Recent Progress on the Phase Stabilization of FAPbI3 for High-Performance Perovskite Solar Cells

With the advantages of narrow bandgap and excellent thermal stability, fomamidinium lead triiodide (FAPbI(3)) perovskite holds the promise to boost the power conversion efficiency (PCE) of perovskite solar cells (PSCs) to over 25%. However, such a promise is blurred by the poor structural stability of the black alpha-phase FAPbI(3), as it can spontaneously transform into photoinactive delta-phase at room temperature and this process can be accelerated by the ambient moisture.
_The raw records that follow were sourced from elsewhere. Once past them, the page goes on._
Lemma adjoint_bounded T Ts : is_adjoint ip T Ts -> op_bounded T -> op_bounded Ts.
Proof.
move=> h [M M0 hM]; exists M => // y.
have e : nrm (Ts y) ^+ 2 = Normc.normc (ip (T (Ts y)) y).
  by rewrite h (ip_normE ipP) normc_real ?sqr_ge0.
have := cauchy_schwarz ipP (T (Ts y)) y; rewrite -e => cs.
have : nrm (Ts y) * nrm (Ts y) <= (M * nrm y) * nrm (Ts y).
  by rewrite -expr2; apply: le_trans cs _; rewrite mulrAC ler_wpM2r ?ipnorm_ge0.
have [->|nz] := eqVneq (nrm (Ts y)) 0; first by rewrite mulr_ge0 ?ipnorm_ge0.
by rewrite ler_pM2r // lt_def nz ipnorm_ge0.
Qed.

Lemma bounded_comp S T : op_bounded S -> op_bounded T -> op_bounded (S \o T).
Proof.
move=> [M M0 hM] [N N0 hN]; exists (M * N) => [|x /=]; first exact: mulr_ge0.
by apply: le_trans (hM _) _; rewrite -mulrA ler_wpM2l.
Qed.

Lemma bounded_add S T : op_bounded S -> op_bounded T -> op_bounded (opadd S T).
Proof.
move=> [M M0 hM] [N N0 hN]; exists (M + N) => [|x]; first exact: addr_ge0.
by apply: le_trans (ipnormD ipP _ _) _; rewrite mulrDl lerD.
Qed.

Lemma homogeneous_comp (S T : V -> V) :
  op_homogeneous S -> op_homogeneous T -> op_homogeneous (S \o T).
Proof. by move=> hS hT c x /=; rewrite hT hS. Qed.

Lemma homogeneous_add (S T : V -> V) :
  op_homogeneous S -> op_homogeneous T -> op_homogeneous (opadd S T).
Proof. by move=> hS hT c x; rewrite /opadd hS hT scalerDr. Qed.

Lemma opnorm_ge0 T : 0 <= opnorm ip T.
Proof. by apply: sup_ge0_of => y [x _ <-]; exact: ipnorm_ge0. Qed.

Lemma numrad_ge0 T : 0 <= numrad ip T.
Proof. by apply: sup_ge0_of => y [x _ <-]; exact: normc_ge0. Qed.

Lemma opnorm_ub T M : 0 <= M -> (forall x, nrm x = 1 -> nrm (T x) <= M) ->
  opnorm ip T <= M.
Proof. by move=> M0 h; apply: sup_le_of => // y [x hx <-]; exact: h. Qed.

Lemma numrad_ub T M : 0 <= M ->
  (forall x, nrm x = 1 -> Normc.normc (ip (T x) x) <= M) -> numrad ip T <= M.
Proof. by move=> M0 h; apply: sup_le_of => // y [x hx <-]; exact: h. Qed.

Lemma ipnorm_normalize x : nrm x != 0 -> nrm ((nrm x)^-1%:C *: x) = 1.
Proof.
by move=> nz; rewrite (ipnormZ ipP) normc_real ?invr_ge0 ?ipnorm_ge0 ?mulVf.
Qed.

Lemma le_opnorm T : op_homogeneous T -> op_bounded T ->
  forall x, nrm (T x) <= opnorm ip T * nrm x.
Proof.
move=> hT [M M0 hM] x; have [e|nz] := eqVneq (nrm x) 0.
  by rewrite (ipnorm_eq0 ipP e) homogeneous0 // (ipnorm0 ipP) mulr0.
have xp : 0 < nrm x by rewrite lt_def nz ipnorm_ge0.
have : nrm (T ((nrm x)^-1%:C *: x)) <= opnorm ip T.
  apply: (@le_sup_of _ _ M).
    by move=> z [y hy <-]; apply: le_trans (hM y) _; rewrite hy mulr1.
  by exists ((nrm x)^-1%:C *: x) => //; exact: ipnorm_normalize.
rewrite hT (ipnormZ ipP) normc_real ?invr_ge0 ?ipnorm_ge0 // => h.
by rewrite -ler_pdivrMr // mulrC.
Qed.

Lemma le_numrad T : op_homogeneous T -> op_bounded T ->
  forall x, Normc.normc (ip (T x) x) <= numrad ip T * nrm x ^+ 2.
Proof.
move=> hT [M M0 hM] x; have [e|nz] := eqVneq (nrm x) 0.
  rewrite (ipnorm_eq0 ipP e) homogeneous0 // (ip0l ipP) (ipnorm0 ipP).
  by rewrite expr0n mulr0 Normc.normc0.
have xp : 0 < nrm x by rewrite lt_def nz ipnorm_ge0.
set c := (nrm x)^-1%:C.
have : Normc.normc (ip (T (c *: x)) (c *: x)) <= numrad ip T.
  apply: (@le_sup_of _ _ M); last by exists (c *: x) => //; exact: ipnorm_normalize.
  move=> z [y hy <-]; apply: le_trans (cauchy_schwarz ipP _ _) _.
  by rewrite hy mulr1; apply: le_trans (hM y) _; rewrite hy mulr1.
rewrite hT (ipZl ipP) (ipZr ipP) !Normc.normcM normc_conj.
rewrite normc_real ?invr_ge0 ?ipnorm_ge0 // mulrA -expr2 exprVn => h.
by rewrite -ler_pdivrMr ?exprn_gt0 // mulrC.
Qed.

Lemma absq_form T Ts x : is_adjoint ip T Ts ->
  ip (absq T Ts x) x = (nrm (T x) ^+ 2)%:C.
Proof.
move=> h; rewrite /absq (ipC ipP) -h (ip_normE ipP).
by rewrite geC0_conj // ler0c sqr_ge0.
Qed.

Lemma absq4_form T Ts x : is_adjoint ip T Ts ->
  ip (absq4 T Ts x) x = (nrm (absq T Ts x) ^+ 2)%:C.
Proof.
move=> h; rewrite /absq4 {1}/absq (adjointC h) (ipC ipP) -(adjointC h).
rewrite (ip_normE ipP).
by rewrite geC0_conj // ler0c sqr_ge0.
Qed.

Lemma form_le_opnorm P y r : op_homogeneous P -> op_bounded P -> 0 <= r ->
  ip (P y) y = r%:C -> r <= opnorm ip P * nrm y ^+ 2.
Proof.
move=> hP bP r0 e; rewrite -(normc_real r0) -e.
apply: le_trans (cauchy_schwarz ipP _ _) _.
by rewrite expr2 mulrA ler_wpM2r ?ipnorm_ge0 ?le_opnorm.
Qed.

End Operators.

Section DirectSum.
Variables (R : realType) (V : lmodType R[i]) (ip : V -> V -> R[i]).
Hypothesis ipP : is_inner_product ip.

Lemma ip_sum_inner_product : is_inner_product (ip_sum ip).
Proof.
split.
- move=> a [x1 x2] [y1 y2] [z1 z2].
  by rewrite /ip_sum /= !(ipDl ipP) !(ipZl ipP); ring.
- by move=> [x1 x2] [y1 y2]; rewrite /ip_sum /= (ipC ipP x1) (ipC ipP x2) rmorphD.
- by move=> [x1 x2]; rewrite /ip_sum /= addr_ge0 ?(ip_ge0 ipP).
- move=> [x1 x2] /eqP; rewrite /ip_sum /= paddr_eq0 ?(ip_ge0 ipP) //.
  by case/andP=> /eqP/(ip_eq0 ipP) -> /eqP/(ip_eq0 ipP) ->.
Qed.

Lemma ipnorm_sum x1 x2 :
  ipnorm (ip_sum ip) (x1, x2) ^+ 2 = ipnorm ip x1 ^+ 2 + ipnorm ip x2 ^+ 2.
Proof.
apply: complexI; rewrite -(ip_normE ip_sum_inner_product) /ip_sum /=.
by rewrite !(ip_normE ipP) rmorphD.
Qed.

End DirectSum.

(* Estimates for the positive operator |S|^2 + |T^*|^2 = S^*S + TT^* and its
   analogue |S|^4 + |T^*|^4, where Ss and Ts are the adjoints of S and T;
   the theorem uses (S, T) = (B, C) and (S, T) = (Bs, Cs). *)
Section GramPair.
Variables (R : realType) (V : lmodType R[i]) (ip : V -> V -> R[i]).
Variables (S Ss T Ts : V -> V).
Hypothesis ipP : is_inner_product ip.
Hypotheses (adjS : is_adjoint ip S Ss) (adjT : is_adjoint ip T Ts).
Hypotheses (bS : op_bounded ip S) (bT : op_bounded ip T).

Local Notation nrm := (ipnorm ip).
Local Notation P2 := (opadd (absq S Ss) (absq Ts T)).
Local Notation P4 := (opadd (absq4 S Ss) (absq4 Ts T)).

Let adjSs : is_adjoint ip Ss S := adjointC ipP adjS.
Let adjTs : is_adjoint ip Ts T := adjointC ipP adjT.
Let hS : op_homogeneous S := adjoint_homogeneous ipP adjSs.
Let hSs : op_homogeneous Ss := adjoint_homogeneous ipP adjS.
Let hT : op_homogeneous T := adjoint_homogeneous ipP adjTs.
Let hTs : op_homogeneous Ts := adjoint_homogeneous ipP adjT.
Let bSs : op_bounded ip Ss := adjoint_bounded ipP adjS bS.
Let bTs : op_bounded ip Ts := adjoint_bounded ipP adjT bT.
Let hSsS : op_homogeneous (absq S Ss) := homogeneous_comp hSs hS.
Let hTTs : op_homogeneous (absq Ts T) := homogeneous_comp hT hTs.
Let bSsS : op_bounded ip (absq S Ss) := bounded_comp bSs bS.
Let bTTs : op_bounded ip (absq Ts T) := bounded_comp bT bTs.

Lemma gram2_form y :
  nrm (S y) ^+ 2 + nrm (Ts y) ^+ 2 <= opnorm ip P2 * nrm y ^+ 2.
Proof.
apply: (form_le_opnorm ipP (homogeneous_add hSsS hTTs) (bounded_add ipP bSsS bTTs)).
  by rewrite addr_ge0 ?sqr_ge0.
by rewrite /opadd (ipDl ipP) (absq_form ipP _ adjS) (absq_form ipP _ adjTs) rmorphD.
Qed.

Lemma gram2_cross y :
  2 * Normc.normc (ip (S y) (Ts y)) <= opnorm ip P2 * nrm y ^+ 2.
Proof.
apply: le_trans (gram2_form y).
have := (leif_mean_square (nrm (S y)) (nrm (Ts y))).1.
have := cauchy_schwarz ipP (S y) (Ts y); lra.
Qed.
The incorporation of small ions such as cesium (Cs+), methylammonium (MA), and bromide (Br-) into the perovskite lattice is proven to be successful in stabilizing the alpha-phase FAPbI(3); however, the resultant mixed perovskites suffer the phase segregation problem, which inevitably undermines the long-term stability of the corresponding PSCs. Therefore, continuous efforts are made to realize stable and pure-phase alpha-FAPbI(3) perovskites. Herein, the recent progress on the development of efficient and stable FAPbI(3) PSCs is summarized with a focus on the different phase stabilization strategies. In addition, the challenges and possible directions for future study are proposed.

Automated summary

This article summarizes the recent progress on the development of efficient and stable fomamidinium lead triiodide (FAPbI(3)) perovskite solar cells (PSCs) with a focus on different phase stabilization strategies. The incorporation of small ions has been proven successful in stabilizing the alpha-phase FAPbI(3), but it leads to phase segregation issues in mixed perovskites, compromising the long-term stability of PSCs. Therefore, future research efforts should focus on achieving stable and pure-phase alpha-FAPbI(3) perovskites.